Saint Petersburg, Russia

s.v.grigoriev@spbu.ru

Abstract—In the era of big data, computations are expected to be faster and less power-consuming in order to become more effective and affordable.

#### Introduction

Linear algebra is a great instrument for solving a wide variety of problems utilizing matrices and vectors for data representation and analysis with the help of highly optimized routines. And whilst the matrices involved in a vast diversity of modern applications, e.g., recommender systems [1], [2] and graph analysis [3], [4], consist of a large number of elements, the major part of them are zeros. Such a high sparsity incurs both computational and storage inefficiencies, requiring an unnecessarily large storage, occupied by zero elements, and a large number of operations on zeroes, where the result is obviously known beforehand. The traditional approach to address these inefficiencies is to compress the matrix and store only the non-zero elements. Thus, the effect of matrices tending to be sparse in many applications makes the techniques of matrix compressed representation and sparse linear algebra to be the effective way of tackling problems in areas including but not limited to graph analysis [5], computational biology [6] and machine learning [7].

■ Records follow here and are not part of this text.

Lemma ct_rejE (I : {set 'I_m}) : ct_rej p alpha I = simes_rej_at h I.
Proof.
apply/idP/idP => [ctI | rejI]; last first.
  apply/forallP => J; apply/implyP => sIJ.
  have [le_Jh | /simes_rej_gt_h //] := leqP #|J| h.
  by rewrite simes_rejE; apply: simes_rej_atS rejI.
apply: contraLR ctI => NrejI.
have [le_Ih | lt_hI] := leqP #|I| h; last first.
  move: NrejI; rewrite (simes_rej_atS (subxx I) (ltnW lt_hI)) //.
  by rewrite -simes_rejE simes_rej_gt_h.
have [J sIJ NrejJ] := exists_superset_not_simes_rej le_Ih NrejI.
by apply/forallPn; exists J; rewrite sIJ.
Qed.

Lemma t_alpha_ub (S I : {set 'I_m}) :
  I \subset S -> ~~ ct_rej p alpha I -> (#|I| <= t_alpha p alpha S)%N.
Proof.
move=> sIS NctI.
by apply: (@leq_bigmax_cond _ (fun I : {set 'I_m} => (I \subset S) && ~~ ct_rej p alpha I)
  (fun I => #|I|)); rewrite sIS.
Qed.

Lemma t_alpha_witness (S : {set 'I_m}) :
  exists2 I : {set 'I_m}, I \subset S /\ ~~ ct_rej p alpha I & t_alpha p alpha S = #|I|.
Proof.
have Nct0 : (set0 \subset S) && ~~ ct_rej p alpha set0.
  by rewrite sub0set ct_rejE simes_rej_at0.
rewrite /t_alpha (@bigop.bigmax_eq_arg _ set0
  (fun I : {set 'I_m} => (I \subset S) && ~~ ct_rej p alpha I) (fun I => #|I|) Nct0).
by case: arg_maxnP => // I /andP[sIS NctI] _; exists I.
Qed.

Lemma nbelow_lt_d_alpha_add (S : {set 'I_m}) u : (0 < u)%N ->
  (nbelow p S h%:R (u%:R * alpha) < d_alpha p alpha S + u)%N.
Proof.
move=> u_gt0; have [I [sIS NctI] tE] := t_alpha_witness S.
move: NctI; rewrite ct_rejE => /simes_rej_atPn/(_ u u_gt0) lt_u.
rewrite /d_alpha tE -cardsDS //; apply: leq_ltn_trans (nbelow_le_setD p S I _ _) _.
by rewrite addnC ltn_add2l.
Qed.

Lemma exists_d_alpha_add_le (S : {set 'I_m}) : S != set0 ->
  exists2 u, (0 < u <= #|S|)%N &
    (d_alpha p alpha S + u <= (nbelow p S h%:R (u%:R * alpha)).+1)%N.
Proof.
move=> S_neq0; have [lt_tS | ge_tS] := ltnP (t_alpha p alpha S) #|S|; last first.
  exists 1%N; first by rewrite leqnn card_gt0.
  by have /eqP -> : d_alpha p alpha S == 0%N by rewrite subn_eq0.
have [I [sIS I_top] cardI] := exists_topset p lt_tS.
have : ct_rej p alpha I by apply/negPn/negP => /(t_alpha_ub sIS); rewrite cardI ltnn.
rewrite ct_rejE => /simes_rej_atP[k /andP[k_gt0 le_kI] le_k].
have /card_gt0P[b] : (0 < nbelow p I h%:R (k%:R * alpha))%N := leq_trans k_gt0 le_k.
rewrite inE => /andP[Ib le_b].
exists k; first by rewrite k_gt0 (leq_trans le_kI) // subset_leq_card.
rewrite (nbelow_setD_above sIS Ib (ler0n _ _) le_b (fun a aS => I_top a b aS Ib)).
rewrite /d_alpha -subnSK // -cardI -cardsDS // addSn ltnS addnC leq_add2r.
exact: le_k.
Qed.

End ClosedSimes.

Theorem theorem1 (R : realFieldType) (m : nat) (p : 'I_m -> R) (alpha : R)
  (r : 'I_m -> 'I_m)
  (hp : forall j, 0 <= p j <= 1)
  (halpha : 0 <= alpha <= 1)
  (hr_bij : bijective r)
  (hr_sorted : forall a b : 'I_m, (a <= b)%N -> p (r a) <= p (r b))
  (S : {set 'I_m}) (hS : S != set0) :
  let h := h_alpha p alpha r in
  let f (u : nat) : int :=
    (1 - u%:Z + (#|[set i in S | h%:R * p i <= u%:R * alpha]|)%:Z)%R in
  (exists2 u : nat, (1 <= u <= #|S|)%N & (d_alpha p alpha S)%:Z = f u) /\
  (forall u : nat, (1 <= u <= #|S|)%N -> f u <= (d_alpha p alpha S)%:Z).
Proof.
move=> h f; have p_ge0 j : 0 <= p j by case/andP: (hp j).
have fE u : f u = (1 - u%:Z + (nbelow p S h%:R (u%:R * alpha))%:Z)%R by [].
have f_le_d u : (0 < u)%N -> f u <= (d_alpha p alpha S)%:Z.
  move/(nbelow_lt_d_alpha_add alpha p_ge0 hr_bij hr_sorted S).
  (* lia needs the convertible occurrences of the count as a single atom *)
  by rewrite fE; move: (nbelow p S _ _) => c; lia.
split=> [|u /andP[u_gt0 _]]; last exact: f_le_d.
have [u u_range le_d] := exists_d_alpha_add_le alpha p_ge0 hr_bij hr_sorted hS.
exists u => //; apply/eqP; rewrite eq_le f_le_d; last by case/andP: u_range.
by move: le_d; rewrite fE; move: (nbelow p S _ _) => c; lia.
Qed.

Sparse linear algebra defines primitives for expressing algorithms for the mentioned areas in a uniform way in terms of sparse matrix and vector operations parameterized by a semiring. Such uniform representation allows to tune the whole bunch of expressible algorithms through optimizing the primitives solely. One of the most used primitive is a sparse matrix-sparse matrix multiplication (spMspM) operation. It has finely-tuned implementations for both CPU and GPU, which, however, are proven to be underutilized due to the memory-bound nature of sparse computations induced by compressed representation [8]–[11]. Further, the pipeline of spMspM is patchy, which makes some of the computational units to be idle from time to time as it could be seen in figure 1, while the peak FLOPS is less than 1% of maximum available<sup>1</sup>.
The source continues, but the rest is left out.